For this report, seven teams of researchers examined a variety of arts education programs using diverse methodologies:

  • James S. Catterall of the Imagination Project at the University of California at Los Angeles analyzed data on more than 25,000 students from the National Educational Longitudinal Survey to determine the relationship of engagement in the arts to student performance and attitudes. He also investigated the impact of intensive involvement in instrumental music and drama/theatre on student achievement.
  • Shirley Brice Heath of The Carnegie Foundation for the Advancement of Teaching and Stanford University, with Adelma Roach, examined after-school programs for youth in poor communities. The researchers were interested in the qualities that made programs in the arts, sports, and community service effective sites for learning and development, and they identified features that made involvement with the arts the most powerful factor to success in and out of school.
  • The Center for Arts Education Research at Teachers College, Columbia University, studied arts education programs within elementary and junior high schools. Researchers Judy Burton, Rob Horowitz, and Hal Abeles created a taxonomy of learning in the arts, and investigated the ways that learning in the arts affected learning across the curriculum and the conditions that made this possible.
  • James Catterall and The North Central Regional Educational Laboratory (NCREL) evaluated the impact of the Chicago Arts Partnership in Education (CAPE). The CAPE network of nine neighborhood-based partnerships of 23 local schools, 33 arts organizations, and 11 community-based organizations has pioneered new ways to integrate the arts with learning across the curriculum.
  • Researchers at the National Center for Gifted and Talented at the University of Connecticut examined the Young Talent Program and other offerings of ArtsConnection, the largest outside provider of arts education programming to the New York City public school system. They also created a model of obstacles, success factors, and outcomes for talent development in the arts.
  • Steve Seidel and researchers from Harvard University’s Project Zero examined two education programs of Shakespeare & Company, a professional theatre company based in Lenox, Massachusetts. Researchers investigated the National Institute on Teaching Shakespeare, a high school teacher training program, as well as the Fall Festival of Shakespeare, an annual regional experience that involves teenagers in the study and performance of Shakespeare’s works.
  • Dennie Palmer Wolf and researchers from the Performance Assessment Collaboratives for Education (PACE) of Harvard’s Graduate School of Education examined the Creating Original Opera program of The Metropolitan Opera Guild. This professional development program trains elementary and secondary school teachers in a process that enables young people to create, perform, and produce an original opera.

Report Conclusions

These Champions of Change studies demonstrate how involvement with the arts provides unparalleled opportunities for learning, enabling young people to reach for and attain higher levels of achievement. The research provides both examples and evidence of why the arts should be more widely recognized for its current and potential contributions to the improvement of American education.

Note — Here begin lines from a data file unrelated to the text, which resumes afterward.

Fixpoint vars (V : Type) (t : term L V) : seq V :=
  match t with
  | Var v => [:: v]
  | App f args => flatten [seq vars (args i) | i <- enum 'I_(arity f)]
  end.

Lemma occurs_vars (V : eqType) (t : term L V) v : occurs v t -> v \in vars t.
Proof.
elim: t => [w|f g IH] /=; first by move=> ->; rewrite inE.
case=> i /IH vi; apply/flattenP; exists (vars (g i)) => //.
by apply/mapP; exists i; rewrite ?mem_enum.
Qed.
End Terms.

Section Unifiers.
Variables (L : signature) (E : eq_theory L).
Variables (X C : finType) (k : nat) (s t : 'I_k -> term L (X + C)).

Lemma alg_le_refl (a : U_alg E s t) : alg_le a a.
Proof. by exists (subst_hom E (@Var L _)) => u /=; rewrite subst_Var; exact: eqE_refl. Qed.

Lemma alg_le_trans (a b c : U_alg E s t) : alg_le a b -> alg_le b c -> alg_le a c.
Proof.
case=> k1 H1 [k2 H2]; exists (exist _ _ (hom_comp_is_hom k1 k2)) => u /=.
exact: eqE_trans (proj1 (svalP k1) _ _ (H2 u)) (H1 u).
Qed.

Lemma sym_le_refl (a : U_sym E s t) : sym_le a a.
Proof. by exists (@Var L _) => v; rewrite subst_Var; exact: eqE_refl. Qed.

Lemma sym_le_trans (a b c : U_sym E s t) : sym_le a b -> sym_le b c -> sym_le a c.
Proof.
case=> th1 H1 [th2 H2]; exists (fun w => subst th1 (th2 w)) => v.
by rewrite -subst_comp; exact: eqE_trans (H1 v) (eqE_subst _ (H2 v)).
Qed.

Lemma coprod_id_unifies (a : U_alg E s t) j :
  eqE E (coprod_id (sval (projT2 a)) (s j)) (coprod_id (sval (projT2 a)) (t j)).
Proof.
case: a => Z [sigma [g Hg]] /=.
apply: eqE_trans (eqE_sym (Hg (s j))) (eqE_trans _ (Hg (t j))).
exact/(proj1 (svalP g))/eqGen_pair.
Qed.

Definition fin_var (Z : finType) (z : Z) : term L (Vars X C) :=
  Var L (inr (nat_of_ord (enum_rank z))).

Definition const_var (c : C) : term L (Vars X C) := Var L (inl (inr c)).

Definition sym_subst_of_alg (a : U_alg E s t) (v : X + C) : term L (Vars X C) :=
  match v with
  | inl x => subst (@fin_var (projT1 a)) (sval (sval (projT2 a)) (Var L x))
  | inr c => const_var c
  end.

Simiarly, the experiences we offer too many young people outside of school are often limited in their purpose and resulting impact. They provide recreation, but no sense of creation. They provide recess, but no sense of success. Arts learning outside of schools can also enhance the sense of accomplishment and well-being among our young people.

This research provides compelling evidence that the arts can and do serve as champions of change in learning. Yet realizing the full potential of learning in and through the arts for all American children will require heroic acts from all segments of our society. With the 21st century now upon us, we, too, must be champions of change; we must meet and exceed the challenge of giving our young people the best possible preparation we can offer them.